Uniform Commercial Code Article 9 of the Uniform Commercial Code provides statutory examples of goods that are normally used in more than one jurisdiction: motor vehicles trailers rolling stock aircraft shipping containers road building equipment construction machinery commercial harvesting machinery

What Is a “Motor Vehicle” The definition of “motor vehicle” under the PPSA Regulations means: –an automobile –a motorcycle –a motorized snow vehicle –any other vehicle that is self –propelled except for the equipment explicitly excluded from the definition....

What is Not a “Motor Vehicle” The definition of “motor vehicle” explicitly excludes the following: –a street car or other vehicle running only upon rails –a farm tractor –an implement of husbandry –a machine acquired for use or used as a road-building machine –a craft intended primarily for use in the air or in or upon the water These goods can still be “equipment normally used in more than one jurisdiction” - however, would only have to be registered as “Equipment”. I.E. WOULD NOT HAVE TO COMPLY WITH THE PPSA’S REQUIREMENTS FOR REGISTERING MOTOR VEHICLES.

Collateral Classifications Goods that are normally used in more than one jurisdiction which constitute equipment. Goods that are normally used in more than one jurisdiction which constitute inventory leased or held for lease by a debtor to others [i.e. not inventory that is SOLD to others]. Therefore, secured party must register against debtor under one or more of the following collateral classifications: “Equipment”, “Inventory” and “Motor Vehicles Included”.

Location of Debtor Section 7(4): For the purpose of this section [7], a debtor shall be deemed to be located at –the debtor’s place of business if there is one, –at the debtor’s chief executive office if there is more than one place of business, and –otherwise at the debtor’s principal place of residence.

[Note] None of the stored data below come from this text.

(* A Gauss diagram is encoded by its Gauss word: the list of the 2n chord
   endpoints in the order met when going once around the oriented circle
   (starting at an arbitrary base point).  An endpoint is a pair (c, b) where
   c : nat is the label of its chord and b = true iff it is the INITIAL point
   of that chord (b = false: terminal point).  Chord signs are recorded by
   gd_sign (they play no role for the genus). *)
Record gauss_diagram := GD { gd_word : seq (nat * bool); gd_sign : nat -> bool }.

Definition gauss_wf (G : gauss_diagram) : bool :=
  uniq (gd_word G) && all (fun e => (e.1, ~~ e.2) \in gd_word G) (gd_word G).

Definition npts (G : gauss_diagram) : nat := size (gd_word G).

Definition nchords (G : gauss_diagram) : nat := count (fun e => e.2) (gd_word G).

Definition endpt (G : gauss_diagram) (i : nat) : nat * bool :=
  nth (0, true) (gd_word G) i.

Definition mate (G : gauss_diagram) (i : 'I_(npts G)) : 'I_(npts G) :=
  insubd i (index ((endpt G i).1, ~~ (endpt G i).2) (gd_word G)).

(* one full step of the cycle construction: (i) along the chord, then
   (ii) along the circle to the next endpoint *)
Definition cstep (G : gauss_diagram) (i : 'I_(npts G)) : 'I_(npts G) :=
  ordS (mate i).

(* the cycle through x, as the list of points y reached after step (ii) *)
Definition gcycle (G : gauss_diagram) (x : 'I_(npts G)) : seq 'I_(npts G) :=
  orbit (@cstep G) x.

Definition ncycles (G : gauss_diagram) : nat :=
  if npts G == 0 then 1
  else #|[set [set y in gcycle x] | x : 'I_(npts G)]|.

Definition genus (G : gauss_diagram) : rat :=
  ((nchords G)%:R - (ncycles G)%:R + 1) / 2.
Lemma cvgn_dist_cluster_point (u : nat -> V) p :
  cvgn (fun n => enorm (u n - p)) -> cluster_point u p ->
  (fun n => enorm (u n - p)) @ \oo --> 0.
Proof.
move=> hcvg hcl; suff <- : limn (fun n => enorm (u n - p)) = 0 by [].
apply/eqP; rewrite eq_le; apply/andP; split; last first.
  by apply: limr_ge => //; apply: nearW => n; exact: enorm_ge0.
rewrite leNgt; apply/negP => lpos.
have [N _ hN] := cvgr_dist_lt _ _ hcvg _ (divr_gt0 lpos (ltr0n R 2)).
have [n Nn hn] := hcl _ (divr_gt0 lpos (ltr0n R 2)) N.
have := hN n Nn; rewrite ltr_norml => /andP[_ h2].
by move: h2 hn; move: (limn _) => l; lra.
Qed.

End Euclid.

Section Semicontinuity.
Variables (R : realType) (d : nat).
Local Notation V := 'rV[R]_d.

Definition lsc_at (psi : V -> \bar R) (p : V) : Prop :=
  forall a : R, (a%:E < psi p)%E ->
    exists2 δ : R, 0 < δ & forall z, enorm (z - p) < δ -> (a%:E < psi z)%E.

Lemma no_minfty_cases (g : V -> \bar R) x :
  no_minfty g -> g x = +oo%E \/ exists r, g x = r%:E.
Proof. by move/(_ x); case: (g x) => [r| |] _ //; [right; exists r | left]. Qed.

Lemma sqr_dist_lsc_at (c : R) x p : 0 <= c ->
  lsc_at (fun z => (c * enorm (z - x) ^+ 2)%:E) p.
Proof.
move=> c0 a; rewrite lte_fin => ha.
have e0 : 0 < c * enorm (p - x) ^+ 2 - a by rewrite subr_gt0.
set e := c * enorm (p - x) ^+ 2 - a; set b := 2 * c * enorm (p - x).
have b0 : 0 <= b by rewrite !mulr_ge0 // enorm_ge0.
exists (e / (b + 1)); first by rewrite divr_gt0 // ltr_wpDl.
move=> y hy; rewrite lte_fin.
have lb : enorm (p - x) ^+ 2 - 2 * (enorm (p - x) * enorm (y - p)) <= enorm (y - x) ^+ 2.
  have -> : y - x = (p - x) + (y - p) by apply/matrixP => i j; rewrite !mxE; ring.
  rewrite [enorm (p - x + _) ^+ 2]sqr_enormD.
  have := abs_dotp_le (p - x) (y - p); rewrite ler_norml => /andP[h _].
  have := sqr_ge0 (enorm (y - p)); lra.
have := ler_wpM2l c0 lb; have := mul_lt_of_lt_div_succ b0 (enorm_ge0 _) hy.
rewrite /b /e; nra.
Qed.

Lemma lsc_atD (psi : V -> \bar R) (phi : V -> R) p : no_minfty psi ->
  lsc_at psi p -> lsc_at (fun z => (phi z)%:E) p ->
  lsc_at (fun z => psi z + (phi z)%:E)%E p.
Proof.
move=> hm hpsi hphi a ha.
have [b [e [e0 hb hab]]] : exists b e, [/\ 0 < e, (b%:E < psi p)%E & a <= b + phi p - e].
  case: (no_minfty_cases p hm) => [pinf|[r pr]]; rewrite ?pinf ?pr in ha *.
    by exists (a - phi p + 1), 1; split => //; [rewrite ltry | lra].
  rewrite -EFinD lte_fin in ha.
  exists (r - (r + phi p - a) / 2), ((r + phi p - a) / 2); rewrite lte_fin.
  by split; [rewrite divr_gt0 // subr_gt0 | lra | lra].
have [δ1 δ10 h1] := hpsi b hb.
have phie : ((phi p - e)%:E < (phi p)%:E)%E by rewrite lte_fin; lra.
have [δ2 δ20 h2] := hphi (phi p - e) phie.
exists (Num.min δ1 δ2); first by rewrite lt_min δ10.
move=> z; rewrite lt_min => /andP[z1 z2].
have := h2 z z2; rewrite lte_fin => hphiz.
have := h1 z z1.
case: (no_minfty_cases z hm) => [->|[s ->]] hpsiz; first by rewrite addye // ltry.
by rewrite lte_fin in hpsiz; rewrite -EFinD lte_fin; lra.
Qed.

Multiple Places of Business Very often when dealing with large corporations or businesses, they will have more than one place of business: therefore, it is necessary to determine where their “chief executive office” is located in order to figure out where to register a security interest in movable property. There has been very little judicial consideration in Canada of what is meant by a debtor’s “chief executive office”. It is very much a case-by-case, factual determination.

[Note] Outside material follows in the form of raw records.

(* [Y_r] has nonnegative coefficients and is homogeneous of degree [r] for the
   weight [deg x_j = j], so [|x_j| <= c_j M] gives [|Y_r(x)| <= Y_r(c) M^r] when [M >= 1]. *)
Lemma bell_rec_bound v c M : (forall j, (1 <= j)%nat -> Rabs (v j) <= c j * M) ->
  (forall j, 0 <= c j) -> 1 <= M -> forall r, Rabs (bell_rec v r) <= bell_rec c r * M ^ r.
Proof.
  intros Hv Hc HM r. induction r as [[|r] IH] using (well_founded_induction lt_wf).
  - rewrite !bell_rec_0, Rabs_R1. simpl. lra.
  - rewrite !bell_rec_S, (Rmult_comm _ (M ^ S r)), sum_f_R0_scal_l.
    eapply Rle_trans; [apply Rsum_abs|]. apply sum_Rle. intros k Hk.
    rewrite !Rabs_mult, (Rabs_pos_eq (binom r k)) by apply binom_nonneg.
    assert (H1 := Hv (S k) ltac:(lia)).
    assert (H2 := IH (r - k)%nat ltac:(lia)).
    assert (H3 : M * M ^ (r - k) <= M ^ S r) by (apply (Rle_pow M (S (r - k))); lia || lra).
    assert (0 <= binom r k) by apply binom_nonneg.
    assert (0 <= bell_rec c (r - k)) by (apply bell_rec_nonneg; auto).
    assert (0 <= c (S k)) by auto.
    assert (0 <= M ^ (r - k)) by (apply pow_le; lra).
    apply Rle_trans with (binom r k * (c (S k) * M) * (bell_rec c (r - k) * M ^ (r - k))).
    + apply Rmult_le_compat; try (apply Rmult_le_pos; auto); try apply Rabs_pos; auto.
      apply Rmult_le_compat_l; auto.
    + replace (binom r k * (c (S k) * M) * (bell_rec c (r - k) * M ^ (r - k))) with
        ((binom r k * c (S k) * bell_rec c (r - k)) * (M * M ^ (r - k))) by ring.
      rewrite (Rmult_comm (M ^ S r)).
      apply Rmult_le_compat_l; auto. apply Rmult_le_pos; auto. apply Rmult_le_pos; auto.
Qed.

Lemma derivable_pt_lim_value f a l1 l2 :
  l1 = l2 -> derivable_pt_lim f a l1 -> derivable_pt_lim f a l2.
Proof. intros ->; auto. Qed.

Lemma derivable_pt_lim_local f g a l d : 0 < d ->
  (forall y, Rabs (y - a) < d -> f y = g y) ->
  derivable_pt_lim f a l -> derivable_pt_lim g a l.
Proof.
  intros Hd Heq H eps He. destruct (H eps He) as [del Hdel].
  assert (Hm : 0 < Rmin del d) by (apply Rmin_glb_lt; [apply cond_pos | auto]).
  exists (mkposreal _ Hm). intros h Hh Hlt. simpl in Hlt.
  assert (Rabs h < del) by (eapply Rlt_le_trans; [exact Hlt | apply Rmin_l]).
  assert (Rabs h < d) by (eapply Rlt_le_trans; [exact Hlt | apply Rmin_r]).
  rewrite <- (Heq (a + h)), <- (Heq a); [apply Hdel; auto | |].
  - rewrite Rminus_diag, Rabs_R0; auto.
  - replace (a + h - a) with h by ring. auto.
Qed.

Lemma derivable_pt_lim_ext f g a l : (forall y, f y = g y) ->
  derivable_pt_lim f a l -> derivable_pt_lim g a l.
Proof. intros H. apply (derivable_pt_lim_local f g a l 1); auto; lra. Qed.

Lemma derivable_pt_lim_plus' f g a lf lg : derivable_pt_lim f a lf ->
  derivable_pt_lim g a lg -> derivable_pt_lim (fun y => f y + g y) a (lf + lg).
Proof. apply derivable_pt_lim_plus. Qed.

Lemma derivable_pt_lim_minus' f g a lf lg : derivable_pt_lim f a lf ->
  derivable_pt_lim g a lg -> derivable_pt_lim (fun y => f y - g y) a (lf - lg).
Proof. apply derivable_pt_lim_minus. Qed.

Lemma derivable_pt_lim_mult' f g a lf lg : derivable_pt_lim f a lf ->
  derivable_pt_lim g a lg -> derivable_pt_lim (fun y => f y * g y) a (lf * g a + f a * lg).
Proof. apply derivable_pt_lim_mult. Qed.

Lemma derivable_pt_lim_scal' c g a lg : derivable_pt_lim g a lg ->
  derivable_pt_lim (fun y => c * g y) a (c * lg).
Proof.
  intros H. apply (derivable_pt_lim_value _ _ (0 * g a + c * lg)); [ring|].
  apply derivable_pt_lim_mult'; [apply derivable_pt_lim_const | auto].
Qed.

Lemma derivable_pt_lim_comp' f g a lf lg : derivable_pt_lim f a lf ->
  derivable_pt_lim g (f a) lg -> derivable_pt_lim (fun y => g (f y)) a (lg * lf).
Proof. apply derivable_pt_lim_comp. Qed.

Lemma derivable_pt_lim_shift c a : derivable_pt_lim (fun y => y + c) a 1.
Proof.
  apply (derivable_pt_lim_value _ _ (1 + 0)); [ring|].
  apply derivable_pt_lim_plus'; [apply derivable_pt_lim_id | apply derivable_pt_lim_const].
Qed.

Lemma derivable_pt_lim_inv' f a l : derivable_pt_lim f a l -> f a <> 0 ->
  derivable_pt_lim (fun y => / f y) a (- l / f a ^ 2).
Proof.
  intros H Hf.
  apply (derivable_pt_lim_ext (fun y => 1 / f y)); [intro; unfold Rdiv; ring|].
  apply (derivable_pt_lim_value _ _ ((0 * f a - l * 1) / Rsqr (f a))).
  { unfold Rsqr; simpl; field; auto. }
  apply (derivable_pt_lim_div (fun _ => 1) f); auto. apply derivable_pt_lim_const.
Qed.

Lemma derivable_pt_lim_sum (F : nat -> R -> R) dF a n :
  (forall k, (k <= n)%nat -> derivable_pt_lim (F k) a (dF k)) ->
  derivable_pt_lim (fun y => sum_f_R0 (fun k => F k y) n) a (sum_f_R0 dF n).
Proof.
  induction n as [|n IH]; intros H; simpl.
  - apply H; lia.
  - apply derivable_pt_lim_plus'; [apply IH; intros; apply H | apply H]; lia.
Qed.

Lemma bell_rec_deriv (v : R -> nat -> R) a :
  (forall j, (1 <= j)%nat -> derivable_pt_lim (fun y => v y j) a (v a (S j))) ->
  forall r, derivable_pt_lim (fun y => bell_rec (v y) r) a
    (bell_rec (v a) (S r) - v a 1%nat * bell_rec (v a) r).
Proof.
  intros Hv r. induction r as [[|r] IH] using (well_founded_induction lt_wf).
  - apply (derivable_pt_lim_value _ _ 0).
    { rewrite bell_rec_S. simpl. rewrite binom_0, !bell_rec_0. ring. }
    apply derivable_pt_lim_const.
  - apply (derivable_pt_lim_ext
      (fun y => sum_f_R0 (fun k => binom r k * v y (S k) * bell_rec (v y) (r - k)) r)).
    { intro; rewrite bell_rec_S; reflexivity. }
    rewrite bell_rec_derivation.
    apply (derivable_pt_lim_sum (fun k y => binom r k * v y (S k) * bell_rec (v y) (r - k))).
    intros k Hk.
    apply (derivable_pt_lim_value _ _ (binom r k * v a (S (S k)) * bell_rec (v a) (r - k) +
      binom r k * v a (S k) * (bell_rec (v a) (S (r - k)) - v a 1%nat * bell_rec (v a) (r - k))));
      [ring|].
    apply (derivable_pt_lim_mult' (fun y => binom r k * v y (S k))).
    + apply derivable_pt_lim_scal', Hv; lia.
    + apply IH; lia.
Qed.

Lemma poch_S y n : poch y (S n) = poch y n * (y + INR n).
Proof. reflexivity. Qed.

Lemma Hsum_S n j a : Hsum (S n) j a = Hsum n j a + / (INR n + a) ^ j.
Proof. reflexivity. Qed.

Lemma poch_pos a n : 0 < a -> 0 < poch a n.
Proof.
  intros Ha; induction n as [|n IH]; simpl; [lra|].
  apply Rmult_lt_0_compat; auto. pose proof (pos_INR n); lra.
Qed.

Lemma poch_le b a n : 0 < b <= a -> poch b n <= poch a n.
Proof.
  intros H; induction n as [|n IH]; simpl; [lra|].
  pose proof (pos_INR n). pose proof (poch_pos b n ltac:(lra)).
  apply Rmult_le_compat; lra.
Qed.

Lemma Hsum_nonneg n j a : 0 < a -> 0 <= Hsum n j a.
Proof.
  intros Ha; induction n as [|n IH]; simpl; [lra|].
  assert (0 < INR n + a) by (pose proof (pos_INR n); lra).
  assert (0 < / (INR n + a) ^ j) by (apply Rinv_0_lt_compat, pow_lt; auto). lra.
Qed.

Lemma Hsum_le n m j a : 0 < a -> (n <= m)%nat -> Hsum n j a <= Hsum m j a.
Proof.
  intros Ha H; induction H as [|m H IH]; simpl; [lra|].
  assert (0 < INR m + a) by (pose proof (pos_INR m); lra).
  assert (0 < / (INR m + a) ^ j) by (apply Rinv_0_lt_compat, pow_lt; auto). lra.
Qed.

Lemma Hsum_deriv n j a : 0 < a ->
  derivable_pt_lim (fun y => Hsum n j y) a (- INR j * Hsum n (S j) a).
Proof.
  intros Ha. induction n as [|n IH]; cbn [Hsum].
  - apply (derivable_pt_lim_value _ _ 0); [ring | apply derivable_pt_lim_const].
  - apply (derivable_pt_lim_value _ _
      (- INR j * Hsum n (S j) a + - INR j * / (INR n + a) ^ S j)); [ring|].
    apply derivable_pt_lim_plus'; auto.
    assert (Hna : 0 < INR n + a) by (pose proof (pos_INR n); lra).
    apply (derivable_pt_lim_ext (fun y => / (y + INR n) ^ j)); [intro; rewrite Rplus_comm; auto|].
    apply (derivable_pt_lim_value _ _ (- (INR j * (a + INR n) ^ pred j * 1) / ((a + INR n) ^ j) ^ 2)).
    { rewrite (Rplus_comm a). assert (INR n + a <> 0) by lra.
      destruct j; simpl; field; [auto | split; [apply pow_nonzero|]; auto]. }
    apply (derivable_pt_lim_inv' (fun y => (y + INR n) ^ j)); [|apply pow_nonzero; lra].
    apply (derivable_pt_lim_comp' (fun y => y + INR n) (fun y => y ^ j)).
    + apply derivable_pt_lim_shift.
    + apply derivable_pt_lim_pow.
Qed.

Lemma inv_poch_deriv n a : 0 < a ->
  derivable_pt_lim (fun y => / poch y n) a (- Hsum n 1 a / poch a n).
Proof.
  intros Ha. induction n as [|n IH].
  - apply (derivable_pt_lim_value _ _ 0); [simpl; field|].
    apply (derivable_pt_lim_ext (fun _ => / 1)); [reflexivity | apply derivable_pt_lim_const].
  - assert (0 < poch a n) by (apply poch_pos; auto).
    assert (0 < a + INR n) by (pose proof (pos_INR n); lra).
    apply (derivable_pt_lim_ext (fun y => / poch y n * / (y + INR n))).
    { intro y. simpl. destruct (Req_dec (poch y n) 0) as [E|E].
      - rewrite E, Rmult_0_l, Rinv_0. ring.
      - destruct (Req_dec (y + INR n) 0) as [E2|E2].
        + rewrite E2, Rmult_0_r, !Rinv_0. ring.
        + rewrite Rinv_mult. reflexivity. }
    apply (derivable_pt_lim_value _ _ ((- Hsum n 1 a / poch a n) * / (a + INR n)
       + / poch a n * (- 1 / (a + INR n) ^ 2))).
    { simpl. field. split; lra. }
    apply (derivable_pt_lim_mult' (fun y => / poch y n) (fun y => / (y + INR n))); auto.
    apply (derivable_pt_lim_inv' (fun y => y + INR n)); [apply derivable_pt_lim_shift | lra].
Qed.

Chief Executive Office Indicia Where is the corporation’s head office located? Where are all of the substantial administrative, management and executive functions of the corporation located? Where is the registered office of the corporation located? Where are the substantial auditing and bookkeeping functions of the corporation located?  Where are the principal books and records of the corporation located?  Which location is given as the corporation’s address in its material agreements, contracts or other instruments?

Location of Debtor: Other Issues In Quebec, the conflict of law rule for determining perfection of security interests in movable equipment is based on the domicile of the debtor, which is deemed to be the jurisdiction in which its registered office is located. If the debtor moves its chief executive office to Ontario or another PPSA jurisdiction, this can create ambiguities. The UCC now has the same rule for corporations registered in the U.S. and therefore has the potential for the same problem. BOTTOM LINE: WHEN IN DOUBT, REGISTER IN BOTH JURISDICTIONS.

Change of Debtor’s Location Under section 7(2) of the PPSA, if a debtor changes its location from another jurisdiction to Ontario, then a perfected security interest in the movable goods continues perfected in Ontario if it is perfected in Ontario (a)within sixty (60) days from the day the debtor changes its location; (b)within fifteen (15) days from the day the secured party receives notice that the debtor has changed location; or (c)prior to the day that perfection ceases under the law of the jurisdiction in which the debtor was previously located, whichever is the earliest.